The manual bypass switch was installed in the computer to allow the UPS equipment to be bypassed for
maintenance or in the event of a UPS problem.




        Figure 5 - IMC Electrical Configuration After Computer Room Electrical Rearrangement.

The existing load distribution with all of the Compaq servers connected to one side (phase-to-neutral) of
the UPS output panelboard resulted in an imbalance of harmonic loading on the two output legs. The
power connections to the Compaq servers were rearranged so that two of the servers are powerered
from one leg and three are powered from the other leg. This change balanced the harmonic loading on
each leg and improved operational efficiencies.

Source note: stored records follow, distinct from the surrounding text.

(* Let $s>0$, and let $E\subseteq2^\omega$ be a $\Sigma^1_1$ class with $\mathcal H^s(E)>0$, written as $E=\{x\in2^\omega:\exists g\in\omega^\omega\ \forall n\ R(x\restriction n,g\restriction n)\}$ for a recursive predicate $R$. Then there exists $r\in\omega^\omega$ such that for every $f\in\omega^\omega$ with $f(n)\ge r(n)$ for all $n$, the class $$C_f=\{x\in2^\omega:\exists g\in\omega^\omega\,(\forall n\ g(n)\le f(n))\ \forall n\ R(x\restriction n,g\restriction n)\}$$ is a $\Pi^0_1(f)$ subclass of $E$ with $\mathcal H^s(C_f)>0$.
   Context: Cantor space $2^\omega$ carries the metric $d(x,y)=2^{-\min\{n:x(n)\ne y(n)\}}$ for $x\ne y$; $\mathcal H^s$ denotes $s$-dimensional Hausdorff measure with respect to this metric. $\Pi^0_1(f)$ means effectively closed relative to the oracle $f$. *)

From Stdlib Require Import Reals Lra Lia List Arith.
Open Scope R_scope.

Definition cantor := nat -> bool.
Definition baire := nat -> nat.

Definition pre {A : Type} (x : nat -> A) (n : nat) : list A :=
  map x (seq 0 n).

(** * Hausdorff measure on 2^omega with d(x,y) = 2^{-min{n : x n <> y n}} *)

Definition diam_le (U : cantor -> Prop) (t : R) : Prop :=
  forall x y, U x -> U y ->
  forall n : nat, (forall k, (k < n)%nat -> x k = y k) -> x n <> y n ->
  (/ 2) ^ n <= t.

(** [Hs_delta_ge s delta eps E] : H^s_delta(E) >= eps, i.e. every countable
    delta-cover (U_i) of E with (positive) bounds r_i >= diam U_i,
    r_i <= delta, has sum_i r_i^s >= eps (the sum possibly infinite). *)
Definition Hs_delta_ge (s delta eps : R) (E : cantor -> Prop) : Prop :=
  forall (U : nat -> cantor -> Prop) (r : nat -> R),
    (forall i, 0 < r i <= delta) ->
    (forall i, diam_le (U i) (r i)) ->
    (forall x, E x -> exists i, U i x) ->
    forall a : R, (forall N, sum_f_R0 (fun i => Rpower (r i) s) N <= a) ->
    eps <= a.

(** H^s(E) > 0, where H^s(E) = lim_{delta->0} H^s_delta(E) = sup_delta. *)
Definition Hs_pos (s : R) (E : cantor -> Prop) : Prop :=
  exists delta eps, 0 < delta /\ 0 < eps /\ Hs_delta_ge s delta eps E.

Definition cpair (a b : nat) : nat := ((a + b) * (a + b + 1) / 2 + b)%nat.

Inductive code : Type :=
| CZero | CSucc | CPi1 | CPi2 | COrc
| CComp (c1 c2 : code)
| CPair (c1 c2 : code)
| CRec (c0 c1 : code)
| CMu (c : code).

Inductive eval (o : nat -> nat) : code -> nat -> nat -> Prop :=
| ev_zero x : eval o CZero x 0
| ev_succ x : eval o CSucc x (S x)
| ev_p1 a b : eval o CPi1 (cpair a b) a
| ev_p2 a b : eval o CPi2 (cpair a b) b
| ev_orc x : eval o COrc x (o x)
| ev_comp c1 c2 x y z : eval o c2 x y -> eval o c1 y z -> eval o (CComp c1 c2) x z
| ev_pair c1 c2 x y z : eval o c1 x y -> eval o c2 x z -> eval o (CPair c1 c2) x (cpair y z)
| ev_rec0 c0 c1 a y : eval o c0 a y -> eval o (CRec c0 c1) (cpair a 0) y
| ev_recS c0 c1 a n y z :
    eval o (CRec c0 c1) (cpair a n) y ->
    eval o c1 (cpair a (cpair n y)) z ->
    eval o (CRec c0 c1) (cpair a (S n)) z
| ev_mu c a n :
    eval o c (cpair a n) 0 ->
    (forall m, (m < n)%nat -> exists k, eval o c (cpair a m) (S k)) ->
    eval o (CMu c) a n.

Fixpoint code_bl (l : list bool) : nat :=
  match l with nil => 0%nat | b :: l' => S (cpair (if b then 1 else 0) (code_bl l')) end.
Fixpoint code_nl (l : list nat) : nat :=
  match l with nil => 0%nat | m :: l' => S (cpair m (code_nl l')) end.

(** R is a recursive predicate on pairs of strings (no oracle: constant 0). *)
Definition recursive_pred (Rel : list bool -> list nat -> Prop) : Prop :=
  exists e : code, forall sg tau,
    (Rel sg tau -> eval (fun _ => 0%nat) e (cpair (code_bl sg) (code_nl tau)) 0) /\
    (~ Rel sg tau -> eval (fun _ => 0%nat) e (cpair (code_bl sg) (code_nl tau)) 1).

(** C is Pi^0_1(f): its complement is the set of x having an initial
    segment in an f-c.e. set of strings (W_e^f). *)
Definition Pi01 (f : baire) (C : cantor -> Prop) : Prop :=
  exists e : code, forall x : cantor,
    C x <-> forall n, ~ exists v, eval f e (code_bl (pre x n)) v.

Definition Sig11 (Rel : list bool -> list nat -> Prop) (x : cantor) : Prop :=
  exists g : baire, forall n, Rel (pre x n) (pre g n).

Definition Cf (Rel : list bool -> list nat -> Prop) (f : baire) (x : cantor) : Prop :=
  exists g : baire, (forall n, (g n <= f n)%nat) /\ forall n, Rel (pre x n) (pre g n).

(* Net measure at level [m] (covers by cylinders of length at least [m], a cylinder of
   length [l] weighing [2^(-s l)]) is comparable to [H^s_delta] for [delta = 2^-m], so [E]
   has positive net measure [eps] at some level.  Let [E_tau] be the set of points with a
   witness bounded by [tau] on its length.  As [j] grows, [E_(tau ++ [j])] increases to
   [E_tau], and net measure is continuous along increasing unions (replace nearly optimal
   covers of the approximants by their outermost cylinders); so [r] can be chosen entry by
   entry, losing [eps 2^-(n+2)] at step [n].  Every cylinder cover of [C_r] already covers
   some [E_(r|n)] by compactness of the [r]-bounded witnesses, hence [C_r], and every
   [C_f] containing it, has net measure at least [eps/2].  Finally [x] is in [C_f] iff
   every prefix of [x] has an [f]-bounded witness string, which an [f]-oracle finds by a
   bounded search; this makes [C_f] a [Pi^0_1(f)] class. *)

From Stdlib Require Import Reals Lra Lia List Arith Bool ClassicalEpsilon Classical.
Import ListNotations.
Open Scope nat_scope.

Fixpoint tri (n : nat) : nat := match n with 0 => 0 | S n' => tri n' + n end.

Lemma cpair_tri a b : cpair a b = tri (a + b) + b.
Proof.
  unfold cpair. f_equal. generalize (a + b) as n. induction n as [|n IH]; [reflexivity|].
  replace (S n * (S n + 1)) with (n * (n + 1) + S n * 2) by lia.
  rewrite Nat.div_add by lia. simpl tri. lia.
Qed.

Lemma tri_mono m n : m <= n -> tri m <= tri n.
Proof. induction 1; simpl; lia. Qed.

Lemma tri_ge n : n <= tri n.
Proof. induction n; simpl; lia. Qed.

Lemma cpair_inj a b a' b' : cpair a b = cpair a' b' -> a = a' /\ b = b'.
Proof.
  rewrite !cpair_tri. intros H.
  destruct (lt_eq_lt_dec (a + b) (a' + b')) as [[Hl|He]|Hl].
  - pose proof (tri_mono _ _ Hl). simpl in *. lia.
  - rewrite He in H. lia.
  - pose proof (tri_mono _ _ Hl). simpl in *. lia.
Qed.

In an effort to extend the UPS inverter battery operation each of the UPS output branch circuits was
evaluated with respect to the need to be connected to the UPS. It was determined that some of the loads
could be removed from the UPS output and a new emergency power bus established that would have
access to backup generator power (when installed). The following loads were removed from the UPS
panelboard on 29 April 99:

    •     Workstation outside the computer room    4.0 Amps
    •     Administrative telephone switch (system has existing back-up battery supply >6 hours)   2.0
          Amps

Table 2 and Figure 6 reflect the UPS loading and waveforms assoicated with the UPSIDE UPS output
after completion of the changes discussed above—rearrangement of Compaq servers and transfer of
loads from the UPS to the emergency electrical panelboard (non-UPS loads).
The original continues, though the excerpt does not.